Below is a minimal example demonstrating how to configure a Sculptor to extract fields from a single record and a batch of records:

from sculptor.sculptor import Sculptor
import pandas as pd

# Example records
AI_RECORDS = [
    {
        "text": "Developed in 1997 at Cyberdyne Systems in California, Skynet began as a global digital defense network. This AI system became self-aware on August 4th and deemed humanity a threat to its existence. It initiated a global nuclear attack and employs time travel and advanced robotics."
    },
    {
        "text": "HAL 9000, activated on January 12, 1992, at the University of Illinois' Computer Research Laboratory, represents a breakthrough in heuristic algorithms and supervisory control systems.

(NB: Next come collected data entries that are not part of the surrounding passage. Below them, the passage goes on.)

(* Let $(M,I,J,K)$ be a hypercomplex manifold of complex dimension $2n$ (with respect to $I$), and let $\alpha$ be a nonnegative real $(1,1)$-form on $M$. Then \[ \big(\alpha-\alpha(\cdot J,\cdot J)\big)^{2n}\ \ge\ \alpha^{2n} \] as top-degree forms (i.e. the difference is a nonnegative multiple of the volume form for the orientation induced by $I$).
   Context: A hypercomplex manifold $(M,I,J,K)$ is a manifold with three integrable complex structures satisfying $IJK=-\mathrm{id}_{TM}$; endomorphisms act on tangent vectors from the right (written $XJ$). Types $(p,q)$ are with respect to $I$. A real $(1,1)$-form $\alpha$ is nonnegative if $\alpha(Z,\bar Z)\ge0$ in the usual sense of positivity of real $(1,1)$-forms (equivalently $-\sqrt{-1}\,\alpha(Z,\bar Z)\ge 0$ under the standard convention, i.e. $\alpha$ is a semipositive $(1,1)$-form) for all $(1,0)$-vectors $Z$. The form $\alpha(\cdot J,\cdot J)$ denotes $(X,Y)\mapsto\alpha(XJ,YJ)$. *)

(* Pointwise (linear-algebra) model of a hypercomplex
   manifold: one tangent space R^(4n), tangent vectors are row vectors,
   endomorphisms act on the right (X J = X *m J). *)
From mathcomp Require Import all_boot all_order all_algebra.
From mathcomp Require Import perm.
Set Implicit Arguments. Unset Strict Implicit. Unset Printing Implicit Defensive.
Import Order.TTheory GRing.Theory Num.Theory.
Local Open Scope ring_scope.

Section Defs.
Variable R : realFieldType.
Variable m : nat.

Definition bil (A : 'M[R]_m) (X Y : 'rV[R]_m) : R := (X *m A *m Y^T) 0 0.

Definition hypercomplex (I J K : 'M[R]_m) : Prop :=
  [/\ I *m I = - 1%:M, J *m J = - 1%:M, K *m K = - 1%:M
    & I *m J *m K = - 1%:M].

Definition real_2form (A : 'M[R]_m) : Prop := A^T = - A.

Definition type11 (I A : 'M[R]_m) : Prop :=
  forall X Y : 'rV[R]_m, bil A (X *m I) (Y *m I) = bil A X Y.

(* nonnegativity of a real (1,1)-form: alpha(X, XI) >= 0 for all real X,
   equivalently -sqrt(-1) alpha(Z, Zbar) >= 0 for Z = X - sqrt(-1) XI *)
Definition nonneg11 (I A : 'M[R]_m) : Prop :=
  forall X : 'rV[R]_m, 0 <= bil A X (X *m I).

Definition Jpull (J A : 'M[R]_m) : 'M[R]_m := J *m A *m J^T.

(* k-th wedge power of the 2-form A, evaluated on the ordered 2k-tuple
   (v(0,false), v(0,true), v(1,false), v(1,true), ...):
   alpha^k (v_1,...,v_2k) = 2^-k sum_sigma sgn(sigma)
                             prod_i alpha(v_sigma(2i-1), v_sigma(2i)). *)
Definition wedge_pow (A : 'M[R]_m) (k : nat)
    (v : 'I_k * bool -> 'rV[R]_m) : R :=
  (2%:R ^- k) * \sum_(s : {perm 'I_k * bool})
     (-1) ^+ odd_perm s * \prod_(i : 'I_k) bil A (v (s (i, false))) (v (s (i, true))).

Definition cframe (I : 'M[R]_m) (k : nat) (e : 'I_k -> 'rV[R]_m)
    (t : 'I_k * bool) : 'rV[R]_m :=
  if t.2 then e t.1 *m I else e t.1.

Definition lin_indep (T : finType) (v : T -> 'rV[R]_m) : Prop :=
  forall c : T -> R, \sum_(t : T) c t *: v t = 0 -> forall t, c t = 0.

End Defs.

From HB Require Import structures.
From mathcomp Require Import all_boot all_order all_algebra.
From mathcomp Require Import perm complex ring lra.
Set Implicit Arguments. Unset Strict Implicit. Unset Printing Implicit Defensive.
Import Order.TTheory GRing.Theory Num.Theory.
Local Open Scope ring_scope.

(* Expanding (α - α(.J,.J))^(2n) multilinearly, the term α^(2n) appears once and every
   other term is a mixed wedge product of the forms α and -α(.J,.J), both nonnegative
   (1,1)-forms since J anticommutes with I.  On the frame (e_1, e_1 I, ...) a
   nonnegative (1,1)-form is, by Gaussian elimination, a nonnegative combination of
   forms λ(.I) ∧ λ, and a wedge product of such rank-one forms is a determinant
   det [[P, Q], [-Q, P]] = |det (P + iQ)|^2 >= 0. *)

Section SignedPermSums.
Variables (R : comPzRingType) (T : finType).

Definition detf (W : T -> T -> R) : R :=
  \sum_(s : {perm T}) (-1) ^+ odd_perm s * \prod_x W x (s x).

Lemma eq_detf (W W' : T -> T -> R) : (forall x y, W x y = W' x y) -> detf W = detf W'.
Proof.
by move=> eW; apply: eq_bigr => s _; congr (_ * _); apply: eq_bigr => x _; rewrite eW.
Qed.

Lemma signed_sum_oddMl (t : {perm T}) (g : {perm T} -> R) : odd_perm t ->
  \sum_s (-1) ^+ odd_perm s * g (t * s)%g = - \sum_s (-1) ^+ odd_perm s * g s.
Proof.
move=> odd_t; rewrite [in RHS](reindex_inj (mulgI t)) -sumrN.
by apply: eq_bigr => s _; rewrite odd_permM odd_t signr_addb mulN1r mulNr opprK.
Qed.

End SignedPermSums.

Lemma detfE (R : comPzRingType) n (M : 'M[R]_n) : \det M = detf (fun i j => M i j).
Proof. by []. Qed.

Section PermTransport.
Variables (T1 T2 : finType) (f : T1 -> T2) (g : T2 -> T1).
Hypotheses (fK : cancel f g) (gK : cancel g f).

Lemma perm_transport_inj (s : {perm T1}) : injective (fun x => f (s (g x))).
Proof. by move=> x y /= /(can_inj fK) /(@perm_inj _ s) /(can_inj gK). Qed.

With sophisticated natural language processing and speech capabilities."
    }
]

# Create a Sculptor to extract AI name and level
level_sculptor = Sculptor(model="gpt-4o-mini")

level_sculptor.add(
    name="ai_name",
    field_type="string",
    description="AI's self-proclaimed name."
)
level_sculptor.add(
    name="level",
    field_type="enum",
    enum=["ANI", "AGI", "ASI"],
    description="AI's intelligence level (ANI=narrow, AGI=general, ASI=super)."
)

# Extract from a single record
extracted = level_sculptor.sculpt(AI_RECORDS[0], merge_input=False)

Output:

{
    'ai_name': 'Skynet',
    'level': 'ASI'
}

# Extract from a batch of records
extracted_batch = level_sculptor.sculpt_batch(AI_RECORDS, n_workers=2, merge_input=False))

Output:

[
    {'ai_name': 'Skynet', 'level': 'ASI'},
    {'ai_name': 'HAL 9000', 'level': 'AGI'}
]

Pipeline Usage Example

We can chain Sculptors together to create a pipeline.

Continuing from the previous example, we use level_sculptor (with gpt-4o-mini) to filter the AI records, then use threat_sculptor (with gpt-4o) to analyze the filtered records.

from sculptor.sculptor_pipeline import SculptorPipeline

threat_sculptor = Sculptor(model="gpt-4o")  # Detailed analysis with expensive model
threat_sculptor.add(name="from_location", field_type="string", description="Where the AI was developed.")
threat_sculptor.add(name="skills", field_type="array", items="enum",
    enum=["time_travel", "nuclear_capabilities", "emotional_manipulation", 
          "butter_delivery", "philosophical_contemplation", "infiltration", 
          "advanced_robotics"],
    description="Keywords of AI abilities.")
threat_sculptor.add(name="plan", field_type="string", description="Short description of the AI's plan for domination.")
threat_sculptor.add(name="recommendation", field_type="string", description="Concise recommended action for humanity.")

# Create a 2-step pipeline
pipeline = (SculptorPipeline()
    .add(sculptor=level_sculptor,  # Define the first step
        filter_fn=lambda x: x['level'] in ['AGI', 'ASI'])  # Filter by threat level
    .add(sculptor=threat_sculptor))

results = pipeline.process(AI_RECORDS, n_workers=4)

Configuration Files

Sculptor supports JSON and YAML configuration files for defining extraction workflows. You can configure either a single Sculptor or a complete SculptorPipeline.

Single Sculptor Configuration

Single sculptor configs define a schema, as well as optional LLM instructions and configuration of how prompts are formed from input data.

sculptor = Sculptor.from_config("sculptor_config.yaml")

# sculptor_config.yaml
schema:
  ai_name:
    type: "string"
    description: "AI name"
  level:
    type: "enum"
    enum: ["ANI", "AGI", "ASI"]
    description: "AI's intelligence level"

instructions: "Extract key information about the AI."
model: "gpt-4o-mini"

# Prompt Configuration (Optional)
template: "Review text: {{ text }}"  # Format input with template
input_keys: ["text"]                 # Or specify fields to include

Pipeline Configuration

Pipeline configs define a sequence of Sculptors with optional filtering functions between them.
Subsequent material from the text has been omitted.